CONF=intermediate_use_case.punchline
punchlinectl start -p $CONF

Using custom UDF

Below is an example of a machine learning pipeline by using spark mllib. We first start by loading our generated model in memory and proceeds afterwards to do a bunch of data processing operation on the prediction made by the model...

Tips

Notice how we register a custom made udf and how we use it afterwards inside our query statement...

Tips

You can use our already prepared package to start making your own UDF and use it inside the PunchPlatform: https://github.com/punchplatform/samples

{
    tenant: default
    channel: default
    version: "6.0"
    runtime: spark
    dag: [
        {
            type: dataset_generator
            component: dummy
            settings: {
                input_data: [
                    { 
                        field1: "[1, 2, 3, 4]"
                    }
                ]
            }
            publish: [
                {
                    stream: data
                }
            ]
        }
        {
            type: sql
            component: processor
            settings: {
                register_udf: [
                    {
                        class_name: org.thales.punch.udf.starter.kit.StrToArrayString
                        function_name: punch_convertor
                        schema_ddl: ARRAY<STRING>
                    }
                ]
                statement_list: [
                    {
                        output_table_name: processed
                        statement: SELECT punch_convertor(field1) from dummy_data
                    }
                ]
            }
            subscribe: [
                {
                    stream: data
                    component: dummy
                }
            ]
            publish: [
                {
                    stream: processed
                }
            ]
        }
        {
            type: show
            component: stdout
            settings: {
                truncate: false
            }
            subscribe: [
                {
                    component: processor
                    stream: processed
                }
            ]
        }
    ]
}

Parameters

Common Settings

Name Type mandatory Default value Description
statement String false NONE Valid Spark Sql query string.
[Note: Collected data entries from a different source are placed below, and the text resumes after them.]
Definition redE (T : finType) (E : rel T) (F F1 : {set T}) : rel T :=
  fun i j => [&& E i j, i \notin F, j \notin F & i \notin F1].

Definition scc (T : finType) (R : rel T) (F : {set T}) (i : T) : {set T} :=
  [set j | [&& j \notin F, connect R i j & connect R j i]].

(* S is (the node set of) a source component of the graph (V - F, R):
   a strongly connected component whose condensation vertex is not reachable
   from any other component, i.e. no node outside S has a path into S. *)
Definition source_component (T : finType) (R : rel T) (F S : {set T}) : Prop :=
  (exists2 i, i \notin F & S = scc R F i) /\
  (forall u s, u \notin F -> u \notin S -> s \in S -> ~~ connect R u s).

Definition Xy_path (T : finType) (E : rel T) (X : {set T}) (y : T) (p : seq T)
  : bool :=
  if p is x :: s then [&& x \in X, path E x s, last x s == y & uniq p]
  else false.

Definition strongly_reaches (T : finType) (E : rel T) (f : nat)
  (X Y F : {set T}) : Prop :=
  Y = set0 \/
  forall y, y \in Y ->
    exists ps : seq (seq T),
      [/\ size ps = f.+1,
          (forall p, p \in ps -> Xy_path E X y p /\ [disjoint p & F]) &
          (forall i j, i < size ps -> j < size ps -> i != j ->
             forall v, v \in nth [::] ps i -> v \in nth [::] ps j -> v = y)].

From mathcomp Require Import all_boot.
From Stdlib Require Import Classical.
Set Implicit Arguments. Unset Strict Implicit. Unset Printing Implicit Defensive.

(* Fix y outside F and S, and let B be the in-neighbours of y in G - F - y.
   By Menger's theorem it suffices that every vertex set X separating S from B
   in G - F - y has more than f elements. If |X| <= f, let R be y together with
   the vertices that reach B outside X, and apply Condition 1 to the partition
   (S, C, R, F), C being the rest: a node of S u C with an edge into R must lie
   in X, and a node of R u C with an edge into the source component S must have
   lost its outgoing edges, i.e. lie in F1. Both sets have at most f elements. *)

Section Menger.
Variable T : finType.
Implicit Types (g : {set T * T}) (A B X Z : {set T}) (a x y : T) (s : seq T).

Definition grel g : rel T := fun u v => (u, v) \in g.

(* [(a, s)] encodes the path [a :: s]; an [A]-[B] path meets [A] only in its
   first vertex and [B] only in its last one. *)
Definition linking_path g A B (w : T * seq T) : Prop :=
  [/\ w.1 \in A, path (grel g) w.1 w.2, last w.1 w.2 \in B, uniq (w.1 :: w.2) &
      {in w.2, forall v, v \notin A} /\
      {in w.1 :: w.2, forall v, v \in B -> v = last w.1 w.2}].

Definition separates g A B X : Prop :=
  forall a s, a \in A -> path (grel g) a s -> last a s \in B ->
    exists2 v, v \in a :: s & v \in X.

Definition linkage g A B k (P : 'I_k -> T * seq T) : Prop :=
  (forall i, linking_path g A B (P i)) /\
  (forall i j, i != j -> forall v,
     v \in (P i).1 :: (P i).2 -> v \in (P j).1 :: (P j).2 -> False).

Lemma split_mem a v s : v \in a :: s ->
  exists s1 s2, s = s1 ++ s2 /\ last a s1 = v.
Proof.
rewrite inE => /orP [/eqP->|vs]; first by exists [::], s.
case/splitPr: vs => p1 p2; exists (rcons p1 v), p2.
by rewrite cat_rcons last_rcons.
Qed.

Lemma split_first_hit Z s a : has (mem Z) (a :: s) ->
  exists s1 s2, [/\ s = s1 ++ s2, last a s1 \in Z &
                   forall v, v \in belast a s1 -> v \notin Z].
Proof.
elim: s a => [|b s IH] a /=.
  by rewrite orbF => aZ; exists [::], [::].
case aZ: (a \in Z) => /= h; first by exists [::], (b :: s).
have [s1 [s2 [-> l1 b1]]] := IH b h.
exists (b :: s1), s2; split => // v; rewrite /= inE => /orP [/eqP->|/b1 //].
by rewrite aZ.
Qed.

Lemma split_last_hit Z s a : has (mem Z) (a :: s) ->
  exists s1 s2, [/\ s = s1 ++ s2, last a s1 \in Z &
                   forall v, v \in s2 -> v \notin Z].
Proof.
elim: s a => [|b s IH] a /=.
  by rewrite orbF => aZ; exists [::], [::].
case h: (has (mem Z) (b :: s)) => /=.
  by have [s1 [s2 [-> l1 b1]]] := IH b h; exists (b :: s1), s2.
rewrite h orbF => aZ; exists [::], (b :: s); split => // v vs.
apply: contraFN h => vZ; move: vs; rewrite inE => /orP [/eqP <-|vs]; first by rewrite vZ.
by apply/orP; right; apply/hasP; exists v.
Qed.

Lemma sub_grel_path g g' a s : g \subset g' ->
  path (grel g) a s -> path (grel g') a s.
Proof. by move=> /subsetP sg; apply: sub_path => u v; apply: sg. Qed.

Lemma grel_setD1_path_src g x y s a :
  path (grel g) a s -> x \notin belast a s -> path (grel (g :\ (x, y))) a s.
Proof.
elim: s a => [|b s IH] a //= /andP [ab ps]; rewrite inE negb_or => /andP [xa xs].
rewrite IH // andbT /grel !inE; rewrite /grel in ab; rewrite ab andbT.
by apply: contra xa => /eqP [->].
Qed.

Lemma grel_setD1_path_tgt g x y s a :
  path (grel g) a s -> y \notin s -> path (grel (g :\ (x, y))) a s.
Proof.
elim: s a => [|b s IH] a //= /andP [ab ps]; rewrite inE negb_or => /andP [yb ys].
rewrite IH // andbT /grel !inE; rewrite /grel in ab; rewrite ab andbT.
by apply: contra yb => /eqP [_ ->].
Qed.

Lemma linking_subpath g A B a s : a \in A -> path (grel g) a s -> last a s \in B ->
  exists2 w, linking_path g A B w & {subset w.1 :: w.2 <= a :: s}.
Proof.
move=> aA pas lB.
have hasA : has (mem A) (a :: s) by apply/hasP; exists a; rewrite ?mem_head.
have [s1 [s2 [es a'A s2A]]] := split_last_hit hasA.
set a' := last a s1 in a'A s2A; move: pas lB; rewrite es cat_path last_cat.
case/andP=> _ ps2 lB.
have hasB : has (mem B) (a' :: s2) by apply/hasP; exists (last a' s2); rewrite ?mem_last.
have [t1 [t2 [et bB t1B]]] := split_first_hit hasB.
move: ps2; rewrite et cat_path => /andP [pt1 _].
have hB : {in a' :: t1, forall v, v \in B -> v = last a' t1}.
  move=> v; rewrite lastI mem_rcons inE => /orP [/eqP //|vb] vB.
  by move: (t1B v vb); rewrite vB.
case: (shortenP pt1) bB hB => t pt ut st bB hB.
exists (a', t); last first.
  move=> v; rewrite inE => /orP [/eqP -> |/st vt1].
    by rewrite /a' -cat_cons mem_cat mem_last.
  by rewrite inE !mem_cat vt1 !orbT.
split => //=; split.
- by move=> v /st vt1; apply: s2A; rewrite et mem_cat vt1.
- move=> v; rewrite inE => /orP [/eqP -> | /st vt1]; apply: hB; first exact: mem_head.
  by rewrite inE vt1 orbT.
Qed.


Lemma separator_meet g A B S x y P Q v :
  separates g A B S -> linking_path g A (x |: S) P -> linking_path g (y |: S) B Q ->
  v \in P.1 :: P.2 -> v \in Q.1 :: Q.2 -> [/\ v \in S, v = last P.1 P.2 & v = Q.1].
Proof.
case: P => a s; case: Q => b t /= sepS [/= aA pas las uas [_ lastS]]
  [/= bS pbt lbt ubt [innerS _]] vP vQ.
have [s1 [s2 [es ls]]] := split_mem vP.
have [t1 [t2 [et lt]]] := split_mem vQ.
move: pas; rewrite es cat_path => /andP [p1 p2].
move: pbt; rewrite et cat_path => /andP [_ q2].
have pw : path (grel g) a (s1 ++ t2) by rewrite cat_path p1 ls -lt.
have lw : last a (s1 ++ t2) \in B by rewrite last_cat ls -lt -last_cat -et.
have [w ww wS] := sepS a (s1 ++ t2) aA pw lw.
have vS : v \in S.
  move: ww; rewrite -cat_cons mem_cat => /orP [w1|w2]; last first.
    by have := innerS w; rewrite et mem_cat w2 orbT !inE wS orbT => /(_ isT).
  have wl : w = last a s.
    apply: lastS; last by rewrite !inE wS orbT.
    by rewrite es -cat_cons mem_cat w1.
  have s2_fresh : ~~ has (mem (a :: s1)) s2.
    have : uniq ((a :: s1) ++ s2) by rewrite cat_cons -es.
    by rewrite cat_uniq => /and3P [].
  case: s2 es p2 wl s2_fresh => [|z s2] es p2 wl s2_fresh.
    by move: wS; rewrite wl es cats0 ls.
  case/hasP: s2_fresh; exists w => //.
  by rewrite wl es last_cat ls /= mem_last.
split => //; first by rewrite -es; apply: lastS; rewrite ?(inE, vS, orbT).
move: vQ; rewrite inE => /orP [/eqP //|vt].
by have := innerS v vt; rewrite !inE vS orbT.
Qed.

Lemma separates_setD1_src g A B S x y :
  separates (g :\ (x, y)) A B S -> separates g A B (x |: S).
Proof.
move=> sepS a s aA pas lB.
have [xin|xnin] := boolP (x \in a :: s); first by exists x; rewrite ?setU11.
have [|v vin vS] := sepS a s aA _ lB.
  by apply: grel_setD1_path_src pas _; apply: contra xnin; apply: mem_belast.
by exists v; rewrite ?inE ?vS ?orbT.
Qed.

Lemma separates_setD1_tgt g A B S x y :
  separates (g :\ (x, y)) A B S -> separates g A B (y |: S).
Proof.
move=> sepS a s aA pas lB.
have [yin|ynin] := boolP (y \in a :: s); first by exists y; rewrite ?setU11.
have [|v vin vS] := sepS a s aA _ lB.
  by apply: grel_setD1_path_tgt pas _; apply: contra ynin => ys; rewrite inE ys orbT.
by exists v; rewrite ?inE ?vS ?orbT.
Qed.

(* Before its first visit to [Z], an [A]-[B] path uses no edge out of [x]. *)
Lemma separates_prefix g A B Z X x y : x \in Z -> separates g A B Z ->
  separates (g :\ (x, y)) A Z X -> separates g A B X.
Proof.
move=> xZ sepZ sepX a s aA pas lB.
have hasZ : has (mem Z) (a :: s).
  by have [v vin vZ] := sepZ a s aA pas lB; apply/hasP; exists v.
have [s1 [s2 [es l1 b1]]] := split_first_hit hasZ.
move: pas; rewrite es cat_path => /andP [p1 _].
have [|v vin vX] := sepX a s1 aA _ l1.
  by apply: grel_setD1_path_src p1 _; apply/negP => /b1; rewrite xZ.
by exists v; rewrite // -cat_cons mem_cat vin.
Qed.

Lemma separates_suffix g A B Z X x y : y \in Z -> separates g A B Z ->
  separates (g :\ (x, y)) Z B X -> separates g A B X.
Proof.
move=> yZ sepZ sepX a s aA pas lB.
have hasZ : has (mem Z) (a :: s).
  by have [v vin vZ] := sepZ a s aA pas lB; apply/hasP; exists v.
have [s1 [s2 [es l1 b2]]] := split_last_hit hasZ.
move: pas lB; rewrite es cat_path last_cat => /andP [_ p2] lB.
have [|v vin vX] := sepX _ s2 l1 _ lB.
  by apply: grel_setD1_path_tgt p2 _; apply/negP => /b2; rewrite yZ.
exists v => //; move: vin; rewrite inE => /orP [/eqP ->|vs2].
  by rewrite -cat_cons mem_cat mem_last.
by rewrite inE mem_cat vs2 !orbT.
Qed.

Lemma linkage_subset g g' A B k (P : 'I_k -> T * seq T) : g \subset g' ->
  linkage g A B P -> linkage g' A B P.
Proof.
move=> gg' [linkP disjP]; split => // i.
by have [? p ? ? ?] := linkP i; split => //; apply: sub_grel_path p.
Qed.

Lemma linkage_last_inj g A B k (P : 'I_k -> T * seq T) : linkage g A B P ->
  injective (fun i => last (P i).1 (P i).2).
Proof.
move=> [_ disjP] i j /= eij; have [// | ij] := eqVneq i j; exfalso.
by apply: (disjP i j ij (last (P i).1 (P i).2)); rewrite ?mem_last // eij mem_last.
Qed.

Lemma linkage_heads_onto g A B k (P : 'I_k -> T * seq T) : linkage g A B P -> #|A| <= k ->
  {in A, forall a, exists j, (P j).1 = a}.
Proof.
move=> [linkP disjP] cardA.
have head_inj : injective (fun j => (P j).1).
  move=> i j /= eij; have [// | ij] := eqVneq i j; exfalso.
  by apply: (disjP i j ij (P i).1); rewrite ?mem_head // eij mem_head.
have /eqP <- : (fun j => (P j).1) @: [set: 'I_k] == A.
  rewrite eqEcard card_imset // cardsT card_ord cardA andbT.
  by apply/subsetP => v /imsetP [j _ ->]; have [] := linkP j.
by move=> v /imsetP [j _ ->]; exists j.
Qed.

Section Glue.
Variables (g : {set T * T}) (A B S : {set T}) (x y : T) (k : nat).
Variables P Q : 'I_k -> T * seq T.
Hypotheses (gxy : (x, y) \in g) (yS : y \notin S) (card_yS : #|y |: S| <= k).
Hypothesis sepS : separates (g :\ (x, y)) A B S.
Hypothesis linkP : linkage (g :\ (x, y)) A (x |: S) P.
Hypothesis linkQ : linkage (g :\ (x, y)) (y |: S) B Q.

(* The paths of [P] end in [x |: S]; the one ending in [x] continues along
   [(x, y)] into the path of [Q] starting at [y], the others into the path of
   [Q] starting at their end. *)
Let e i := last (P i).1 (P i).2.
Let cross v := if v == x then y else v.
Let tau i := odflt i [pick j | (Q j).1 == cross (e i)].
Let tail i := if e i == x then y :: (Q (tau i)).2 else (Q (tau i)).2.

Lemma cross_inj : {in x |: S &, injective cross}.
Proof.
move=> u v uS vS; rewrite /cross.
have [-> | ux] := eqVneq u x; have [-> // | vx] := eqVneq v x.
- by move=> yv; move: vS; rewrite !inE (negbTE vx) -yv (negbTE yS).
- by move=> uy; move: uS; rewrite !inE (negbTE ux) uy (negbTE yS).
- by [].
Qed.

Lemma cross_end_in i : cross (e i) \in y |: S.
Proof.
have [_ _ eSx _ _] := linkP.1 i; rewrite /cross; case: eqP => [_|/eqP ex].
  exact: setU11.
by move: eSx; rewrite !inE (negbTE ex) /= => ->; rewrite orbT.
Qed.
Theorem mainTheorem8 :
  forall (k : nat) (P : list pt) (u w : pt) (i : nat),
    (1 <= k)%nat ->
    NoDup P ->
    general_position (4 * k + 4) P ->
    In u P -> In w P -> u <> w ->
    in_cone (4 * k + 4) i u w ->
    exists l : list pt,
      theta_path (4 * k + 4) P u w l /\
      path_length u l <=
        stretch_bound (4 * k + 4) (alpha_angle (4 * k + 4) i u w) * edist u w.
Proof.
  intros k P u w i Hk _ _ Hu Hw _ Hc.
  replace (4 * k + 4)%nat with (4 * S k)%nat in * by lia.
  destruct (theta_walk_within_bound (S k) P i u w ltac:(lia) Hu Hw Hc) as (l & Hwalk & Hl & Hlen).
  destruct (walk_loop_erase _ u l Hwalk) as (l' & Hwalk' & Hnd & Hl' & Hlen').
  exists l'. split; [split; [exact Hwalk' | split; [exact Hnd | congruence]]|].
  rewrite stretch_bound_eq by (assumption || lia). lra.
Qed.
Lemma fdef_fixed_iff x : fdef mu a lam x = mu * x <-> P (a / lam * (1 - x)) = 1 / a.
Proof.
  rewrite fdef_eq_P by lra.
  assert (hpos : 0 < a * P (a / lam * (1 - x))) by (apply Rmult_lt_0_compat; [lra | apply P_pos]).
  split.
  - intro e. assert (hln : ln (a * P (a / lam * (1 - x))) = 0)
      by (apply (Rmult_eq_reg_l lam); lra).
    assert (hone : a * P (a / lam * (1 - x)) = 1)
      by (rewrite <- (exp_ln _ hpos), hln; apply exp_0).
    apply (Rmult_eq_reg_l a); [rewrite hone; field |]; lra.
  - intro e. rewrite e. replace (a * (1 / a)) with 1 by (field; lra).
    rewrite ln_1; ring.
Qed.

End fdef_properties.

Theorem proposition3p1 (mu a lam : R) (ha : 1 < a) (hlam : 0 < lam) :
  (forall z : R, ex_series (wterm a lam z) /\
     fdef mu a lam z = mu * z + lam * ln (w a lam z)) /\
  (forall (n : nat) (z : R), ex_derive_n (fdef mu a lam) n z) /\
  convex_fun (fdef mu a lam) /\
  (exists H : R, (forall x : R, fdef mu a lam x = mu * x <-> x = H) /\
     1 < H < 1 + lam).
Proof.
  split; [|split; [|split]].
  - intro z. destruct (w_eq_P a lam z hlam) as [hex hw].
    split; [exact hex|]. rewrite hw. apply fdef_eq_P; lra.
  - intros n z. apply derivable_n_ex_derive_n, fdef_derivable_n; assumption.
  - apply fdef_convex; assumption.
  - destruct (P_reaches_inv a ha) as [v [hv ev]].
    exists (1 - lam * v / a). split.
    + intro x. rewrite fdef_fixed_iff by assumption. rewrite <- ev. split.
      * intro e. apply P_injective in e.
        replace x with (1 - lam / a * (a / lam * (1 - x))) by (field; lra).
        rewrite e; field; lra.
      * intros ->. f_equal; field; lra.
    + split; apply (Rmult_lt_reg_l a); try lra; field_simplify; nra.
Qed.
Lemma lcs_sub i j : (i <= j)%N -> (lcs L j <= lcs L i)%MS.
Proof.
have lcsSn k : (lcs L k.+1 <= lcs L k)%MS.
  by elim: k => [|k IH]; [exact: submx1 | exact: brspS (submx_refl _) IH].
move=> /subnK <-; elim: (j - i)%N => [|d IH]; first by rewrite add0n.
by rewrite addSn; apply: submx_trans IH.
Qed.

Lemma lcs_eq0_leq i j : \rank (lcs L i) = 0%N -> (i <= j)%N -> lcs L j = 0.
Proof.
move=> /eqP; rewrite mxrank_eq0 => /eqP lcs_i0 /lcs_sub.
by rewrite lcs_i0 => /submx0null.
Qed.

Section Complement.
Variables (I J : 'M[C]_m).
Hypotheses (lieL : is_lie L) (idI : ideal L I) (idJ : ideal L J).
Hypotheses (capIJ : (I :&: J)%MS = 0) (fullIJ : row_full (I + J)%MS).

Lemma lbr_complement u v : (u <= I)%MS -> (v <= J)%MS -> lbr u v = 0.
Proof.
move=> sIu sJv; apply/eqP; rewrite -submx0 -capIJ sub_capmx idJ // andbT.
by rewrite (lbr_anticomm lieL.1) eqmx_opp idI.
Qed.

Lemma lcs1_sub_complement : (lcs L 1 <= I + brsp L J J)%MS.
Proof.
apply: brsp_sub => u v _ _.
have /sub_addsmxP[[a b] /= ->] := submx_full u fullIJ.
have /sub_addsmxP[[c d] /= ->] := submx_full v fullIJ.
rewrite !lbrDl !lbrDr (@lbr_complement (a *m I) (d *m J)) ?submxMl // addr0.
rewrite (lbr_anticomm lieL.1 (b *m J)) (@lbr_complement (c *m I)) ?submxMl // oppr0 add0r.
by apply: addmx_sub_adds; [apply: idI | apply: lbr_sub_brsp]; rewrite submxMl.
Qed.

(* [L, L] <= I + [J, J] and I :&: J = 0 give J <= [J, J], so J lies in
   every term of the central descending sequence. *)
Lemma derived_summand_eq0 : nilpotent L -> (J <= lcs L 1)%MS -> J = 0.
Proof.
move=> [K lcsK0] sJ1.
have sJJ : (brsp L J J <= J)%MS by apply: brsp_sub => u v _; apply: idJ.
suff sJ k : (J <= lcs L k)%MS.
  by apply/eqP; rewrite -submx0 (submx_trans (sJ K)) // submx0 -mxrank_eq0 lcsK0.
elim: k => [|k IH]; first exact: submx1.
apply/row_subP => i; have sJv := row_sub i J.
have /sub_addsmxP[[a b] /= def_v] := submx_trans sJv (submx_trans sJ1 lcs1_sub_complement).
have sJb : (b *m brsp L J J <= J)%MS by apply: submx_trans (submxMl _ _) sJJ.
rewrite def_v; suff -> : a *m I = 0 by rewrite add0r (submx_trans (submxMl _ _)) // brspS ?submx1.
apply/eqP; rewrite -submx0 -capIJ sub_capmx submxMl /=.
by rewrite -[a *m I](addrK (b *m brsp L J J)) -def_v addmx_sub // eqmx_opp.
Qed.

End Complement.

End Bracket.

Lemma lcs_morph (C : fieldType) m m' (L : lie_str C m) (L' : lie_str C m') (F : 'M_(m, m')) :
  (forall u v, lbr L' (u *m F) (v *m F) = lbr L u v *m F) ->
  forall k, (lcs L k *m F <= lcs L' k)%MS.
Proof.
move=> hom; elim=> [|k IH] /=; first exact: submx1.
apply: brspMr_sub => u v _ sv; rewrite -hom.
by apply: lbr_sub_brsp; [exact: submx1 | exact: submx_trans (submxMr F sv) IH].
Qed.

Section BlockMatrices.
Variables (C : fieldType) (m1 m2 n1 n2 : nat).
Local Notation m := (m1 + m2 + n1 * n2)%N.

Definition blk3 p (x : 'M[C]_(p, m1)) (y : 'M[C]_(p, m2)) (z : 'M[C]_(p, n1 * n2))
  : 'M[C]_(p, m) := row_mx (row_mx x y) z.

Definition idx1 (a : 'I_m1) : 'I_m := lshift (n1 * n2) (lshift m2 a).
Definition idx2 (b : 'I_m2) : 'I_m := lshift (n1 * n2) (rshift m1 b).
Definition idx3 (c : 'I_(n1 * n2)) : 'I_m := rshift (m1 + m2) c.
(* For every real $\alpha\ge1$ and every integer $n\ge1$, $$\sum_{k=1}^n(\alpha n)^{-\frac{k}{k+1}}\ \le\ \frac{1+e^{2/e}}{\sqrt\alpha}.$$ *)

From Stdlib Require Import Reals.

(* The term of index k is the product of alpha^(-k/(k+1)), which is at most
   1/sqrt alpha since k/(k+1) >= 1/2, and of n^(-k/(k+1)) = n^(1/(k+1)) / n.
   Writing n^(1/j) = 2x, Bernoulli's inequality gives 2x <= x^j + 2, i.e.
   n^(1/j) <= n/2^j + 2, so n^(-k/(k+1)) <= 2^-(k+1) + 2/n.  Summing over
   k = 1..n bounds the sum by (1/2 + 2)/sqrt alpha, and 5/2 <= 1 + e^(2/e)
   because e^(2/e) >= 1 + 2/e >= 1 + 2/3. *)
From Stdlib Require Import Reals Lra Lia.
Open Scope R_scope.

Lemma double_le_pow_add2 (x : R) (j : nat) :
  0 <= x -> (2 <= j)%nat -> 2 * x <= x ^ j + 2.
Proof.
  intros Hx Hj.
  destruct (Rle_lt_dec x 1) as [Hle | Hgt].
  - assert (0 <= x ^ j) by (apply pow_le; lra); lra.
  - assert (Hj2 : 2 <= INR j) by (change 2 with (INR 2); apply le_INR; lia).
    pose proof (poly j (x - 1) ltac:(lra)) as Hbern.
    replace (1 + (x - 1)) with x in Hbern by ring.
    nra.
Qed.

Lemma Rpower_inv_le (N : R) (j : nat) :
  0 < N -> (2 <= j)%nat -> Rpower N (/ INR j) <= N / 2 ^ j + 2.
Proof.
  intros HN Hj.
  set (y := Rpower N (/ INR j)).
  assert (Hy : 0 < y) by apply exp_pos.
  assert (Hj0 : INR j <> 0) by (apply not_0_INR; lia).
  assert (Hyj : y ^ j = N).
  { unfold y; rewrite <- Rpower_pow by apply exp_pos.
    rewrite Rpower_mult, Rinv_l by exact Hj0; apply Rpower_1, HN. }
  assert (Hhalf : N / 2 ^ j = (y / 2) ^ j).
  { rewrite <- Hyj; unfold Rdiv; rewrite Rpow_mult_distr, pow_inv; reflexivity. }
  rewrite Hhalf.
  pose proof (double_le_pow_add2 (y / 2) j ltac:(lra) Hj); lra.
Qed.

Lemma Rpower_neg_succ_ratio_le (N : R) (i : nat) : 0 < N ->
  Rpower N (- (INR (S i) / INR (S (S i)))) <= (1 / 2) ^ S (S i) + 2 / N.
Proof.
  intros HN.
  assert (Hj : 0 < INR (S (S i))) by (apply lt_0_INR; lia).
  replace (- (INR (S i) / INR (S (S i)))) with (/ INR (S (S i)) + - (1))
    by (rewrite (S_INR (S i)) in Hj |- *; field; lra).
  rewrite Rpower_plus, Rpower_Ropp, Rpower_1 by exact HN.
  pose proof (Rpower_inv_le N (S (S i)) HN ltac:(lia)) as Hroot.
  assert (H2j : 0 < 2 ^ S (S i)) by (apply pow_lt; lra).
  replace ((1 / 2) ^ S (S i) + 2 / N) with ((N / 2 ^ S (S i) + 2) * / N)
    by (unfold Rdiv; rewrite Rmult_1_l, pow_inv; field; lra).
  apply Rmult_le_compat_r; [apply Rlt_le, Rinv_0_lt_compat |]; assumption.
Qed.

Lemma Rpower_neg_succ_ratio_le_inv_sqrt (a : R) (i : nat) : 1 <= a ->
  Rpower a (- (INR (S i) / INR (S (S i)))) <= / sqrt a.
Proof.
  intros Ha.
  rewrite <- Rpower_sqrt, <- Rpower_Ropp by lra.
  apply Rle_Rpower; [exact Ha |].
  assert (Hk : 1 <= INR (S i)) by (change 1 with (INR 1); apply le_INR; lia).
  rewrite (S_INR (S i)).
  apply Ropp_le_contravar, (Rmult_le_reg_r (INR (S i) + 1)); [lra |].
  field_simplify; lra.
Qed.

Lemma sum_pow_half_from2 (m : nat) :
  sum_f_R0 (fun i => (1 / 2) ^ S (S i)) m = 1 / 2 - (1 / 2) ^ S (S m).
Proof.
  induction m as [|m IH]; [simpl; lra |].
  rewrite tech5, IH; simpl; lra.
Qed.

Lemma exp_two_div_e_ge : 3 / 2 <= exp (2 / exp 1).
Proof.
  pose proof exp_le_3 as He3.
  assert (He : 0 < exp 1) by apply exp_pos.
  assert (2 / 3 <= 2 / exp 1)
    by (apply Rmult_le_compat_l; [lra | apply Rinv_le_contravar; lra]).
  assert (0 < 2 / exp 1) by (apply Rdiv_lt_0_compat; lra).
  pose proof (exp_ineq1 (2 / exp 1) ltac:(lra)); lra.
Qed.

Theorem mainTheorem4 (alpha : R) (n : nat) (Halpha : 1 <= alpha) (Hn : (1 <= n)%nat) :
  sum_f_R0 (fun i => Rpower (alpha * INR n) (- (INR (S i) / INR (S (S i))))) (n - 1)
  <= (1 + exp (2 / exp 1)) / sqrt alpha.
Proof.
  assert (HnR : 0 < INR n) by (apply lt_0_INR; lia).
  assert (Hc : 0 < / sqrt alpha) by (apply Rinv_0_lt_compat, sqrt_lt_R0; lra).
  apply Rle_trans with
    (sum_f_R0 (fun i => ((1 / 2) ^ S (S i) + 2 / INR n) * / sqrt alpha) (n - 1)).
  { apply sum_Rle; intros i _.
    rewrite <- Rpower_mult_distr, Rmult_comm by lra.
    apply Rmult_le_compat; try (left; apply exp_pos).
    - apply Rpower_neg_succ_ratio_le, HnR.
    - apply Rpower_neg_succ_ratio_le_inv_sqrt, Halpha. }
  rewrite <- scal_sum, sum_plus, sum_pow_half_from2, sum_cte.
  replace (S (n - 1)) with n by lia.
  replace (2 / INR n * INR n) with 2 by (field; lra).
  pose proof exp_two_div_e_ge.
  assert (0 <= (1 / 2) ^ S n) by (apply pow_le; lra).
  unfold Rdiv; rewrite (Rmult_comm _ (/ sqrt alpha)).
  apply Rmult_le_compat_l; lra.
Qed.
Table name are set as follow: component_stream where component is the name of the subscribed component alongside it's stream name.
statement_list List of Json false NONE A list of valid JSONs documents containing the two fields. See advance settings
register_udf List of Json false NONE A list of valid JSONs documents containing the following three fields. See advance settings.

Advanced Settings

Statement List

Statement List Type Default value Description
output_table_name String NONE the name to be set of your query result
statement String NONE valid spark sql query statement

Register UDF

Register UDF Type Default value Description
function_name String NONE the name to be set of your query result.
class_name String NONE valid spark sql query statement.
schema_ddl String NONE valid spark schema in DDL format.